When discussing the indexing of images and videos, one needs to distinguish between systems which are geared to the formal description of the image and those concerned with subject indexing and retrieval. The former is comparable to the bibliographical description of a book. However, there is still no one standard in use for image description, although much effort is being expended in this area by a range of organizations such as the Museum Documentation Association, the Getty Information Institute, the Visual Resources Association the International Federation of Library Association/Art Libraries and the International Committee for Documentation (CIDOC) of the International Council of Museums (ICOM).

The descriptive cataloguing of photographs presents a number of special challenges. Photographs, for example, are not self-identifying. Unlike textual works that provide such essential cataloguing aids as title pages, abstracts and table of contents, photographs often contain no indication of author or photographer, names of persons or places depicted dates, or any textual information whatever. Cataloguing of images is more complex than that for text documents, since records should contain information about the standards used for image capture and how the data is stored as well as descriptive information, such as title, photographer (or painter, artist, etc). In addition, copies of certain types of images may involve many layers of intellectual property rights, pertaining to the original work, its copy (e.g. a photograph), a digital image scanned from the photograph, and any subsequent digital image derived from that image.

Published reviews of traditional indexing practices for images and video include many writers discuss the difficulties of indexing images. The problems of managing a large image collection. He notes that, unlike books, images make no attempt to tell us what they are about and that often they may be used for purposes not anticipated by their originators. Images are rich in information and can be used by researchers from a broad range of disciplines. As Baser comments:

“A set of photographs of a busy street scene a century ago might be useful to historians wanting a ‘snapshot’ of the times, to architects looking at buildings, to urban planners looking at traffic patterns or building shadows, to cultural historians looking at changes in fashion, to medical researchers looking at female smoking habits, to sociologists looking at class distinctions, or to students looking at the use of certain photographic processes or techniques.”

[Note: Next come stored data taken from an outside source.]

Lemma S_arc_traversal g a b X t : S_arc g a b -> a < t < b -> track_interior X (g t) ->
  exists al be, a <= al < t /\ t < be <= b /\
    (forall x, al < x < be -> track_interior X (g x)) /\
    ((g al = tr X 0 /\ g be = tr X 1) \/ (g al = tr X 1 /\ g be = tr X 0)) /\
    (forall s, 0 <= s <= 1 -> exists x, al <= x <= be /\ g x = tr X s).
Proof.
intros Hsub Ht HX; pose proof Hsub as [Hs [Hab _]].
destruct (track_traversal g X t (S_curve_track_curve g Hs) ltac:(lra) HX)
  as [al [be [Hal [Hbe [K [E C]]]]]].
have c1 : a <= al.
{ by apply (S_arc_lower_bound g a b t al X Hsub); try lra; intros x Hx; apply K; lra. }
have c2 : be <= b.
{ by apply (S_arc_upper_bound g a b t be X Hsub); try lra; intros x Hx; apply K; lra. }
by exists al, be; do 2 (split; [lra|]).
Qed.

Lemma S_arc_node_sides g a b t : S_arc g a b -> a < t < b -> node (g t) ->
  exists X Y eps, X <> Y /\ 0 < eps /\ used_track X /\ used_track Y /\
    is_endpoint (tr X) (g t) /\ is_endpoint (tr Y) (g t) /\
    (forall t', t - eps < t' < t -> track_interior X (g t')) /\
    (forall t', t < t' < t + eps -> track_interior Y (g t')) /\
    (forall r, 0 <= r <= 1 -> exists x, a <= x <= b /\ g x = tr X r) /\
    (forall r, 0 <= r <= 1 -> exists x, a <= x <= b /\ g x = tr Y r).
Proof.
intros Hsub Ht Hn; pose proof Hsub as [Hs [Hab _]].
pose proof (S_curve_track_curve g Hs) as Hg; pose proof Hg as [_ [Hi _]].
destruct (track_from_node_left g t Hg ltac:(lra) Hn) as [X [al [Hal [KX [EX [EX' CX]]]]]].
destruct (track_from_node_right g t Hg ltac:(lra) Hn) as [Y [be [Hbe [KY [EY [EY' CY]]]]]].
have Hal' : a <= al by apply (S_arc_lower_bound g a b t al X Hsub); auto; lra.
have Hbe' : be <= b by apply (S_arc_upper_bound g a b t be Y Hsub); auto; lra.
pose proof (Rmin_l (t - al) (be - t)); pose proof (Rmin_r (t - al) (be - t)).
exists X, Y, (Rmin (t - al) (be - t)); split.
{ intro XY; subst Y; apply (endpoints_at_most_two (tr X) (g t) (g al) (g be)); auto;
    intro Q; apply Hi in Q; lra. }
split; [apply Rmin_pos; lra|].
split; [apply (used_track_of g ((al + t) / 2)); auto; [lra|apply KX; lra]|].
split; [apply (used_track_of g ((t + be) / 2)); auto; [lra|apply KY; lra]|].
do 2 (split; auto).
split; [intros t' Ht'; apply KX; lra|].
split; [intros t' Ht'; apply KY; lra|].
split; intros r Hr; [destruct (CX r Hr) as [x [Hx Ex]]|destruct (CY r Hr) as [x [Hx Ex]]];
  exists x; split; auto; lra.
Qed.

(* [g t] is not a break point, so the two tracks meeting there are the only used ones *)
Lemma S_arcs_meet_at_node g a b h c d t s : S_arc g a b -> S_arc h c d -> a < t < b ->
  c < s < d -> g t = h s -> node (g t) ->
  exists eps, 0 < eps /\ forall t', Rabs (t' - t) < eps -> exists s', c <= s' <= d /\ g t' = h s'.
Proof.
intros Hgs Hhs Ht Hs E Hn; pose proof Hgs as [Hsg [Hab [_ [_ Kg]]]].
have Hn' : node (h s) by rewrite -E.
destruct (S_arc_node_sides g a b t Hgs Ht Hn)
  as [X [Y [eps [XY [Heps [RX [RY [EX [EY [KX [KY _]]]]]]]]]]].
destruct (S_arc_node_sides h c d s Hhs Hs Hn')
  as [X' [Y' [_ [XY' [_ [RX' [RY' [EX' [EY' [_ [_ [CX' CY']]]]]]]]]]]].
rewrite -E in EX' EY'.
have Htwo : forall Z, used_track Z -> is_endpoint (tr Z) (g t) -> Z = X \/ Z = Y.
{ intros Z RZ EZ; apply NNPP; intro N; apply (Kg t Ht); right.
  split; [apply (S_curve_inner_node g t Hsg); auto; lra|].
  exists X, Y, Z; do 3 (split; [auto; intro; apply N; auto|]); auto 10. }
have Cov : forall Z, Z = X \/ Z = Y ->
  forall r, 0 <= r <= 1 -> exists x, c <= x <= d /\ h x = tr Z r.
{ destruct (Htwo X' RX' EX') as [->| ->]; destruct (Htwo Y' RY' EY') as [->| ->];
    try (by elim XY'); intros Z [->| ->]; auto. }
exists eps; split; auto; intros t' Ht'; apply Rabs_def2 in Ht'.
destruct (Rtotal_order t' t) as [L|[->|G]].
- destruct (KX t' ltac:(lra)) as [r [Hr Er]].
  destruct (Cov X (or_introl erefl) r ltac:(lra)) as [x [Hx Ex]].
  by exists x; split; [|rewrite -Er Ex].
- by exists s; split; [lra|].
- destruct (KY t' ltac:(lra)) as [r [Hr Er]].
  destruct (Cov Y (or_intror erefl) r ltac:(lra)) as [x [Hx Ex]].
  by exists x; split; [|rewrite -Er Ex].
Qed.
(* Let $\mathcal K$ be a 2-category which admits Eilenberg–Moore constructions for monads, and let $(V,\psi):(t,\mu,\eta)\to(t',\mu',\eta')$ be a 1-cell in $\mathrm{EM}^w(\mathcal K)$. Then the 2-cell $Vv\epsilon\ast\psi v\ast\eta'Vv:Vv\Rightarrow Vv$ in $\mathcal K$ is idempotent, and the identities $V\mu\ast\psi t\ast\eta'Vt\ast\psi=\psi$ and $Vv\epsilon\ast\psi v\ast t'Vv\epsilon\ast t'\psi v\ast t'\eta'Vv=Vv\epsilon\ast\psi v$ hold.
   Context: Conventions in a 2-category $\mathcal K$: horizontal composition and whiskering by juxtaposition in the order of functor composition; identity 1-cell of $k$ written $k$, identity 2-cell of $V$ written $V$; vertical composition $\ast$ with $\alpha\ast\beta$ meaning $\beta$ then $\alpha$. A monad $(t,\mu,\eta)$ on $k$: $t:k\to k$, $\mu:tt\Rightarrow t$, $\eta:k\Rightarrow t$, associative and unital. A 1-cell $(t,\mu,\eta)\to(t',\mu',\eta')$ in $\mathrm{EM}^w(\mathcal K)$ ($t$ on $k$, $t'$ on $k'$) is a pair $(V,\psi)$ with $V:k\to k'$ and $\psi:t'V\Rightarrow Vt$ satisfying $V\mu\ast\psi t\ast t'\psi=\psi\ast\mu'V$. $\mathcal K$ admits Eilenberg–Moore constructions for monads means: the inclusion 2-functor from $\mathcal K$ into the Lack–Street 2-category $\mathrm{EM}(\mathcal K)$ of monads has a right 2-adjoint $J$. Consequently every monad $(t,\mu,\eta)$ on $k$ determines an adjunction $f\dashv v$ in $\mathcal K$ with $f:k\to J(t)$, $v:J(t)\to k$, unit $\eta:k\Rightarrow vf$ and counit $\epsilon:fv\Rightarrow J(t)$, such that $t=vf$ and $\mu=v\epsilon f$. For $t'$ the corresponding data are $f',v',\eta',\epsilon'$. *)

Set Implicit Arguments.
Unset Strict Implicit.
(* In a pre-Hilbert $*$-category: (i) every isometry is contractive; (ii) if $f\colon X\to Y$ and $g\colon Y\to Z$ are contractive, then $gf$ is contractive; (iii) if $f$ is contractive, then $f^*$ is contractive.
   Context: A $*$-category is a category with a choice of $f^*\colon Y\to X$ for each $f\colon X\to Y$ such that $1^*=1$, $(gf)^*=f^*g^*$, $(f^* )^*=f$; $f$ is an isometry if $f^*f=1$. A pre-Hilbert $*$-category is a $*$-category with (R1) a zero object, (R2) orthonormal biproducts of all pairs of objects (biproducts $(X,s_1,r_1,s_2,r_2)$ with $r_k=s_k^*$), (R3) an isometric kernel for every morphism, and (R4) every diagonal $\Delta\colon X\to X\oplus X$ a kernel of some morphism. Such a category is additive. For Hermitian endomorphisms $a,b\colon A\to A$ (i.e. $a^*=a$, $b^*=b$), $a\leq b$ means $b-a=y^*y$ for some object $Y$ and some $y\colon A\to Y$. A morphism $f$ is contractive (a contraction) if $f^*f\leq 1$. *)

Set Implicit Arguments.
Unset Strict Implicit.

Record Category := {
  Ob :> Type;
  Hom : Ob -> Ob -> Type;
  comp : forall {X Y Z : Ob}, Hom Y Z -> Hom X Y -> Hom X Z;
  idm : forall X : Ob, Hom X X;
  comp_assoc : forall (W X Y Z : Ob) (h : Hom Y Z) (g : Hom X Y) (f : Hom W X),
      comp h (comp g f) = comp (comp h g) f;
  comp_id_l : forall (X Y : Ob) (f : Hom X Y), comp (idm Y) f = f;
  comp_id_r : forall (X Y : Ob) (f : Hom X Y), comp f (idm X) = f
}.

Arguments Hom {c} _ _.
Arguments comp {c X Y Z} _ _.
Arguments idm {c} X.

Record StarCategory := {
  scat :> Category;
  star : forall {X Y : scat}, Hom X Y -> Hom Y X;
  star_id : forall X : scat, star (idm X) = idm X;
  star_comp : forall (X Y Z : scat) (f : Hom X Y) (g : Hom Y Z),
      star (comp g f) = comp (star f) (star g);
  star_star : forall (X Y : scat) (f : Hom X Y), star (star f) = f
}.

Arguments star {s X Y} _.

Section Notions.
Variable C : StarCategory.

Definition isometry {X Y : C} (f : Hom X Y) : Prop := comp (star f) f = idm X.

Definition hermitian {X : C} (a : Hom X X) : Prop := star a = a.

Definition is_zero_object (O : C) : Prop :=
  (forall X : C, (exists f : Hom X O, True) /\ forall f g : Hom X O, f = g) /\
  (forall X : C, (exists f : Hom O X, True) /\ forall f g : Hom O X, f = g).

Definition is_zero_morphism (O : C) {X Y : C} (f : Hom X Y) : Prop :=
  exists (u : Hom X O) (v : Hom O Y), f = comp v u.

(** Orthonormal biproduct (B, s1, r1, s2, r2) of X1 and X2 with r_k = s_k^*:
    (B, r1, r2) is a product, (B, s1, s2) a coproduct, and r_j s_k = delta_jk. *)
Definition is_orth_biproduct (O : C) (X1 X2 B : C)
    (s1 : Hom X1 B) (s2 : Hom X2 B) : Prop :=
  comp (star s1) s1 = idm X1 /\ comp (star s2) s2 = idm X2 /\
  is_zero_morphism O (comp (star s2) s1) /\ is_zero_morphism O (comp (star s1) s2) /\
  (forall (A : C) (f1 : Hom A X1) (f2 : Hom A X2),
      exists h : Hom A B, comp (star s1) h = f1 /\ comp (star s2) h = f2 /\
        forall h' : Hom A B, comp (star s1) h' = f1 -> comp (star s2) h' = f2 -> h' = h) /\
  (forall (A : C) (g1 : Hom X1 A) (g2 : Hom X2 A),
      exists h : Hom B A, comp h s1 = g1 /\ comp h s2 = g2 /\
        forall h' : Hom B A, comp h' s1 = g1 -> comp h' s2 = g2 -> h' = h).

Definition is_kernel (O : C) {K X Y : C} (k : Hom K X) (f : Hom X Y) : Prop :=
  is_zero_morphism O (comp f k) /\
  forall (A : C) (h : Hom A X), is_zero_morphism O (comp f h) ->
    exists u : Hom A K, comp k u = h /\ forall u' : Hom A K, comp k u' = h -> u' = u.

End Notions.

(** * Pre-Hilbert *-categories (R1)-(R4).  The zero object and a choice of
    orthonormal biproduct for each pair of objects are carried as data. *)
Record PreHilbertCategory := {
  phstar :> StarCategory;
  zobj : phstar;
  zobj_zero : is_zero_object zobj;
  bprod : phstar -> phstar -> phstar;
  bin1 : forall X Y : phstar, Hom X (bprod X Y);
  bin2 : forall X Y : phstar, Hom Y (bprod X Y);
  bprod_orth : forall X Y : phstar,
      is_orth_biproduct zobj (bin1 X Y) (bin2 X Y);
  isometric_kernels : forall (X Y : phstar) (f : Hom X Y),
      exists (K : phstar) (k : Hom K X), isometry k /\ is_kernel zobj k f;
  diagonal_kernels : forall (X : phstar) (d : Hom X (bprod X X)),
      comp (star (bin1 X X)) d = idm X -> comp (star (bin2 X X)) d = idm X ->
      exists (Z : phstar) (g : Hom (bprod X X) Z), is_kernel zobj d g
}.

Section Order.
Variable C : PreHilbertCategory.

(** The canonical (biproduct-induced) sum of morphisms: [h = f + g] iff
    h = nabla o <f, g> where <f,g> : A -> B(+)B is the pairing and
    nabla : B(+)B -> B the codiagonal. *)
Definition is_sum {A B : C} (f g h : Hom A B) : Prop :=
  exists (p : Hom A (bprod B B)) (q : Hom (bprod B B) B),
    comp (star (bin1 B B)) p = f /\ comp (star (bin2 B B)) p = g /\
    comp q (bin1 B B) = idm B /\ comp q (bin2 B B) = idm B /\
    h = comp q p.

(** For Hermitian a, b : A -> A, a <= b iff b - a = y^* y for some y : A -> Y,
    i.e. (the category being additive) b = a + y^* y. *)
Definition hle {A : C} (a b : Hom A A) : Prop :=
  hermitian a /\ hermitian b /\
  exists (Y : C) (y : Hom A Y), is_sum a (comp (star y) y) b.

Definition contractive {X Y : C} (f : Hom X Y) : Prop :=
  hle (comp (star f) f) (idm X).

End Order.

(** The zero object and the orthonormal biproducts make every hom-set a
    commutative monoid, with [f + g] the codiagonal composed with the pairing
    of [f] and [g]; composition is bilinear and [*] is additive.  (R3) and (R4)
    supply negatives: if [<a, b>] is an isometric kernel of the codiagonal of
    [X (+) X], then [a + b = 0] and [a^* a + b^* b = 1], and (R4) makes [a] an
    epimorphism.  Hence [a^* a = b^* b], so [c = 2 a^*] is the inverse of
    [a], and [b c] is [-1].  A morphism [f] is contractive iff
    [f^* f + w^* w = 1] for some [w], and the three claims follow from the
    witnesses [0] for an isometry, [<z f, y>] for a composite [g f], and
    [<1 - f f^*, w f^*>] for [f^*]. *)

From Stdlib Require Import ClassicalEpsilon.

Set Implicit Arguments.
Unset Strict Implicit.

Local Notation "g ∘ f" := (comp g f) (at level 40, left associativity).

Lemma epi_of_star_mono (C : StarCategory) (K X : C) (a : Hom K X) :
  (forall (A : C) (h h' : Hom A X), star a ∘ h = star a ∘ h' -> h = h') ->
  forall (A : C) (x y : Hom X A), x ∘ a = y ∘ a -> x = y.
Proof.
  intros Hmono A x y E.
  rewrite <- (star_star x), <- (star_star y). f_equal.
  apply Hmono. now rewrite <- !star_comp, E.
Qed.

Section ZeroMorphisms.
Variables (C : StarCategory) (O : C).
Hypothesis HO : is_zero_object O.

Definition to_zero (X : C) : Hom X O :=
  proj1_sig (constructive_indefinite_description _ (proj1 (proj1 HO X))).
Definition from_zero (X : C) : Hom O X :=
  proj1_sig (constructive_indefinite_description _ (proj1 (proj2 HO X))).
Definition zero_hom (X Y : C) : Hom X Y := from_zero Y ∘ to_zero X.

Lemma to_zero_unique {X : C} (f g : Hom X O) : f = g.
Proof. exact (proj2 (proj1 HO X) f g). Qed.

Lemma from_zero_unique {X : C} (f g : Hom O X) : f = g.
Proof. exact (proj2 (proj2 HO X) f g). Qed.

Lemma is_zero_morphismP (X Y : C) (f : Hom X Y) :
  is_zero_morphism O f <-> f = zero_hom X Y.
Proof.
  split.
  - intros (u & v & ->). unfold zero_hom.
    now rewrite (to_zero_unique u (to_zero X)), (from_zero_unique v (from_zero Y)).
  - intros ->. now exists (to_zero X), (from_zero Y).
Qed.

Lemma comp_zero_l (X Y Z : C) (f : Hom X Y) : zero_hom Y Z ∘ f = zero_hom X Z.
Proof.
  unfold zero_hom. now rewrite <- comp_assoc, (to_zero_unique (to_zero Y ∘ f) (to_zero X)).
Qed.

Lemma comp_zero_r (X Y Z : C) (f : Hom Y Z) : f ∘ zero_hom X Y = zero_hom X Z.
Proof.
  unfold zero_hom. now rewrite comp_assoc, (from_zero_unique (f ∘ from_zero Y) (from_zero Z)).
Qed.

Lemma star_zero (X Y : C) : star (zero_hom X Y) = zero_hom Y X.
Proof.
  unfold zero_hom. rewrite star_comp.
  now rewrite (to_zero_unique (star (from_zero Y)) (to_zero Y)),
    (from_zero_unique (star (to_zero X)) (from_zero X)).
Qed.

End ZeroMorphisms.

Arguments zero_hom {C O} HO {X Y}.

Section PreHilbert.
Variable C : PreHilbertCategory.

Local Notation zero := (zero_hom (zobj_zero C)).
Local Notation zero_morphismP := (is_zero_morphismP (zobj_zero C)).
Local Notation "X ⊕ Y" := (bprod X Y) (at level 35).

Section Biproduct.
Variables X Y : C.
Local Notation s1 := (bin1 X Y).
Local Notation s2 := (bin2 X Y).

Lemma proj1_inj1 : star s1 ∘ s1 = idm X.
Proof. now destruct (bprod_orth X Y). Qed.

Lemma proj2_inj2 : star s2 ∘ s2 = idm Y.
Proof. now destruct (bprod_orth X Y) as (_ & H & _). Qed.

Lemma proj2_inj1 : star s2 ∘ s1 = zero.
Proof. apply zero_morphismP. now destruct (bprod_orth X Y) as (_ & _ & H & _). Qed.

Lemma proj1_inj2 : star s1 ∘ s2 = zero.
Proof. apply zero_morphismP. now destruct (bprod_orth X Y) as (_ & _ & _ & H & _). Qed.

Lemma pairing_exists (A : C) (f1 : Hom A X) (f2 : Hom A Y) :
  exists h : Hom A (X ⊕ Y), star s1 ∘ h = f1 /\ star s2 ∘ h = f2 /\
    forall h', star s1 ∘ h' = f1 -> star s2 ∘ h' = f2 -> h' = h.
Proof. now destruct (bprod_orth X Y) as (_ & _ & _ & _ & H & _). Qed.

Lemma copairing_exists (A : C) (g1 : Hom X A) (g2 : Hom Y A) :
  exists h : Hom (X ⊕ Y) A, h ∘ s1 = g1 /\ h ∘ s2 = g2 /\
    forall h', h' ∘ s1 = g1 -> h' ∘ s2 = g2 -> h' = h.
Proof. now destruct (bprod_orth X Y) as (_ & _ & _ & _ & _ & H). Qed.

Definition pair {A : C} (f1 : Hom A X) (f2 : Hom A Y) : Hom A (X ⊕ Y) :=
  proj1_sig (constructive_indefinite_description _ (pairing_exists f1 f2)).

Definition copair {A : C} (g1 : Hom X A) (g2 : Hom Y A) : Hom (X ⊕ Y) A :=
  proj1_sig (constructive_indefinite_description _ (copairing_exists g1 g2)).

Section Pairing.
Variables (A : C) (f1 : Hom A X) (f2 : Hom A Y).

Lemma pair_spec : star s1 ∘ pair f1 f2 = f1 /\ star s2 ∘ pair f1 f2 = f2 /\
  forall h, star s1 ∘ h = f1 -> star s2 ∘ h = f2 -> h = pair f1 f2.
Proof. exact (proj2_sig (constructive_indefinite_description _ (pairing_exists f1 f2))). Qed.

Lemma proj1_pair : star s1 ∘ pair f1 f2 = f1.
Proof. apply pair_spec. Qed.

Lemma proj2_pair : star s2 ∘ pair f1 f2 = f2.
Proof. apply pair_spec. Qed.

Lemma pair_unique (h : Hom A (X ⊕ Y)) :
  star s1 ∘ h = f1 -> star s2 ∘ h = f2 -> h = pair f1 f2.
Proof. apply pair_spec. Qed.

End Pairing.

Section Copairing.
Variables (A : C) (g1 : Hom X A) (g2 : Hom Y A).

Lemma copair_spec : copair g1 g2 ∘ s1 = g1 /\ copair g1 g2 ∘ s2 = g2 /\
  forall h, h ∘ s1 = g1 -> h ∘ s2 = g2 -> h = copair g1 g2.
Proof. exact (proj2_sig (constructive_indefinite_description _ (copairing_exists g1 g2))). Qed.

Lemma copair_inj1 : copair g1 g2 ∘ s1 = g1.
Proof. apply copair_spec. Qed.

Lemma copair_inj2 : copair g1 g2 ∘ s2 = g2.
Proof. apply copair_spec. Qed.

Lemma copair_unique (h : Hom (X ⊕ Y) A) : h ∘ s1 = g1 -> h ∘ s2 = g2 -> h = copair g1 g2.
Proof. apply copair_spec. Qed.

End Copairing.

Lemma pair_eta (A : C) (h : Hom A (X ⊕ Y)) : h = pair (star s1 ∘ h) (star s2 ∘ h).
Proof. now apply pair_unique. Qed.

Lemma proj_ext (A : C) (h h' : Hom A (X ⊕ Y)) :
  star s1 ∘ h = star s1 ∘ h' -> star s2 ∘ h = star s2 ∘ h' -> h = h'.
Proof. intros E1 E2. now rewrite (pair_eta h), (pair_eta h'), E1, E2. Qed.

Lemma inj_ext (A : C) (h h' : Hom (X ⊕ Y) A) : h ∘ s1 = h' ∘ s1 -> h ∘ s2 = h' ∘ s2 -> h = h'.
Proof.
  intros E1 E2. rewrite (copair_unique (h := h) E1 E2). symmetry; now apply copair_unique.
Qed.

Svenonius [1994] discusses the question of whether it is possible to use words to express the “abruptness of a work in a wordless medium, like art. To get around the problem of the needs of different users groups, van der Starre [1995] advocates that indexers should “stick to ‘plain and simple’ indexing, using index terms accepted by the users, and using preferably a thesaurus with many lead-ins,” thus placing the burden of further selection on the user. Shatford Layne (1994) suggests that, when indexing images, it may be necessary to determine which attributes provide useful groupings of images; which attributes provide information that is useful once the images are found; and which attributes may, or even should, be left to the searcher or researcher to identify. She also advocates further research into the ways images are sought and the reasons that they are useful in order to improve the indexing process. Constantopulos and Doerr (1995) also support a user centred approach to the designing of effective image retrieval systems. They urge that attention needs to be paid to the intentions and goals of the users, since this will help define the desirable descriptive structures and retrieval mechanisms as well as understanding what is ‘out of the scope’ of an indexing system.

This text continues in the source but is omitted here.